Matsubara helped Japan win the group all-around title ahead of the reigning World champions at the 2019 Baku World Cup. They also won a silver medal in the 5 balls final. On September 16–22, she and her teammates competed at the 2019 World Championships. They won silver medal in Group All-around, which matched Japan's best-ever group all-around result from 1975. They then won the gold medal in the 5 balls final– Japan's first ever gold medal in group event at World Rhythmic Gymnastics Championships. They also won the silver medal in the 3 hoops and 4 clubs final.

=== 2020–2021 ===
Matsubara fractured the fifth metatarsal in her left foot while training in January 2020 and missed two months of training.

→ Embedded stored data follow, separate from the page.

Lemma measurable_orlicz : measurable_fun setT Phi.
Proof.
pose g u := Phi (Num.max u 0).
have -> : Phi = g \o Num.norm.
  by apply/funext => u /=; rewrite /g max_l // orlicz_norm.
apply: measurableT_comp; last exact: normr_measurable.
apply: nondecreasing_measurable => // a b ab; apply: orlicz_le_ge0.
by rewrite le_max lexx orbT le_max2.
Qed.

End OrliczFunction.

Section OrliczModular.
Local Open Scope ereal_scope.
Context {R : realType} {d : measure_display} {T : measurableType d}.
Variable mu : {measure set T -> \bar R}.
Context {Phi : R -> R}.
Hypothesis hPhi : orlicz_function Phi.

Lemma measurable_orliczM (f : T -> R) (k : R) : measurable_fun setT f ->
  measurable_fun setT (fun t => (Phi (k * f t))%:E).
Proof.
move=> mf; apply/measurable_EFinP; apply: measurableT_comp.
  exact: measurable_orlicz.
by apply: measurable_funM => //; exact: measurable_cst.
Qed.

Lemma I_Phi_ge0 f : 0 <= I_Phi mu Phi f.
Proof. by apply: integral_ge0 => t _; rewrite lee_fin orlicz_ge0. Qed.

Lemma le_I_Phi (x : T -> R) (k0 k : R) : measurable_fun setT x -> (`|k0| <= `|k|)%R ->
  I_Phi mu Phi (fun t => k0 * x t)%R <= I_Phi mu Phi (fun t => k * x t)%R.
Proof.
move=> mx kk; apply: ge0_le_integral => //.
- by move=> t _; rewrite lee_fin orlicz_ge0.
- exact: measurable_orliczM.
- exact: measurable_orliczM.
by move=> t _; rewrite lee_fin orlicz_le // !normrM ler_wpM2r.
Qed.

Lemma I_Phi_scale_ge (x : T -> R) (k : R) : measurable_fun setT x -> (1 <= k)%R ->
  k%:E * I_Phi mu Phi x <= I_Phi mu Phi (fun t => k * x t)%R.
Proof.
move=> mx k1; have k0 : (0 <= k)%R by apply: le_trans k1.
have mPhix : measurable_fun setT (fun t => (Phi (x t))%:E).
  by have := measurable_orliczM x 1%R mx; under eq_fun do rewrite mul1r.
rewrite /I_Phi -ge0_integralZl_EFin //; last by move=> t _; rewrite lee_fin orlicz_ge0.
apply: ge0_le_integral => //.
- by move=> t _; rewrite mule_ge0 // lee_fin ?orlicz_ge0.
- exact: measurable_funeM.
- exact: measurable_orliczM.
by move=> t _; rewrite -EFinM lee_fin orlicz_scale_ge.
Qed.

Lemma I_Phi_superadditive (x y : T -> R) (k : R) :
  measurable_fun setT x -> measurable_fun setT y -> (0 <= k)%R ->
  {ae mu, forall t, (0 <= x t <= y t)%R} ->
  I_Phi mu Phi (fun t => k * (y t - x t))%R + I_Phi mu Phi (fun t => k * x t)%R
    <= I_Phi mu Phi (fun t => k * y t)%R.
Proof.
move=> mx my k0 hxy; rewrite /I_Phi.
have myx : measurable_fun setT (fun t => y t - x t)%R by exact: measurable_funB.
rewrite -ge0_integralD //; try exact: measurable_orliczM;
  try by move=> t _; rewrite lee_fin orlicz_ge0.
apply: ae_ge0_le_integral => //; try exact: measurable_orliczM;
  try by move=> t _; rewrite ?adde_ge0 // lee_fin orlicz_ge0.
  by apply: emeasurable_funD; exact: measurable_orliczM.
apply: filterS hxy => t /andP[x0 xy] _; rewrite -EFinD lee_fin addrC mulrBr.
by apply: (orlicz_superadditive hPhi); rewrite ler_wpM2l ?mulr_ge0.
Qed.

(* Monotone convergence along the scalings [1 - 1/(n+1)], which tend to [1] from below. *)
Lemma I_Phi_scale_left (x : T -> R) (l : R) : measurable_fun setT x ->
  l%:E < I_Phi mu Phi x ->
  exists2 k0 : R, (0 < k0 < 1)%R & l%:E <= I_Phi mu Phi (fun t => k0 * x t)%R.
Proof.
move=> mx lI.
pose kk n : R := (1 - harmonic n)%R.
have kk01 n : (0 <= kk n <= 1)%R.
  rewrite /kk subr_ge0 gerBl harmonic_ge0 andbT /=.
  by rewrite invf_le1 // ler1n.
have kk_gt0 n : (0 < kk n.+1)%R.
  by rewrite /kk subr_gt0 /= invf_lt1 // ltr1n.
have kk_nd : {homo kk : m n / (m <= n)%N >-> (m <= n)%R}.
  move=> m n mn; rewrite /kk lerD2l lerN2 /= lef_pV2 ?posrE //.
  by rewrite ler_nat.
have kk1 : kk @ \oo --> (1 : R)%R.
  by rewrite -[X in _ --> X]subr0; apply: cvgB; [exact: cvg_cst | exact: cvg_harmonic].
pose g n t := (Phi (kk n * x t))%:E.
have g_nd t : setT t -> {homo g^~ t : m n / (m <= n)%N >-> m <= n}.
  move=> _ m n mn; rewrite lee_fin orlicz_le // !normrM ler_wpM2r //.
  by rewrite !ger0_norm ?kk_nd //; [case/andP: (kk01 n) | case/andP: (kk01 m)].
have g_lim t : limn (g^~ t) = (Phi (x t))%:E.
  apply: cvg_lim => //; apply/cvg_EFin; first exact: nearW.
  exact: orlicz_cvg_scale.
have I_lim : I_Phi mu Phi x = limn (fun n => \int[mu]_t g n t).
  rewrite [LHS](_ : _ = \int[mu]_t limn (g^~ t)); last first.
    by apply: eq_integral => t _; rewrite g_lim.
  apply: monotone_convergence => //.
  - by move=> n; exact: measurable_orliczM.
  - by move=> n t _; rewrite lee_fin orlicz_ge0.
have I_nd : nondecreasing_seq (fun n => \int[mu]_t g n t).
  move=> m n mn; apply: ge0_le_integral => //.
  - by move=> t _; rewrite lee_fin orlicz_ge0.
  - exact: measurable_orliczM.
  - exact: measurable_orliczM.
  - by move=> t _; exact: g_nd.
rewrite I_lim in lI.
have [N _ HN] := lte_lim I_nd (ereal_nondecreasing_is_cvgn I_nd) lI.
exists (kk N.+1); first by rewrite kk_gt0 /kk gtrBl harmonic_gt0.
exact: (HN N.+1 (leqnSn N)).
Qed.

Matsubara represented Japan at the 2020 Summer Olympics alongside Sayuri Sugimoto, Sakura Noshitani, Ayuka Suzuki, and Nanami Takenaka. They advanced into the group all-around final and finished eighth after major mistakes in their 3 hoops and 4 clubs routine. After the Olympic Games, she competed at the 2021 World Championships, where Japan won bronze medals in both event finals and placed fourth in the all-around.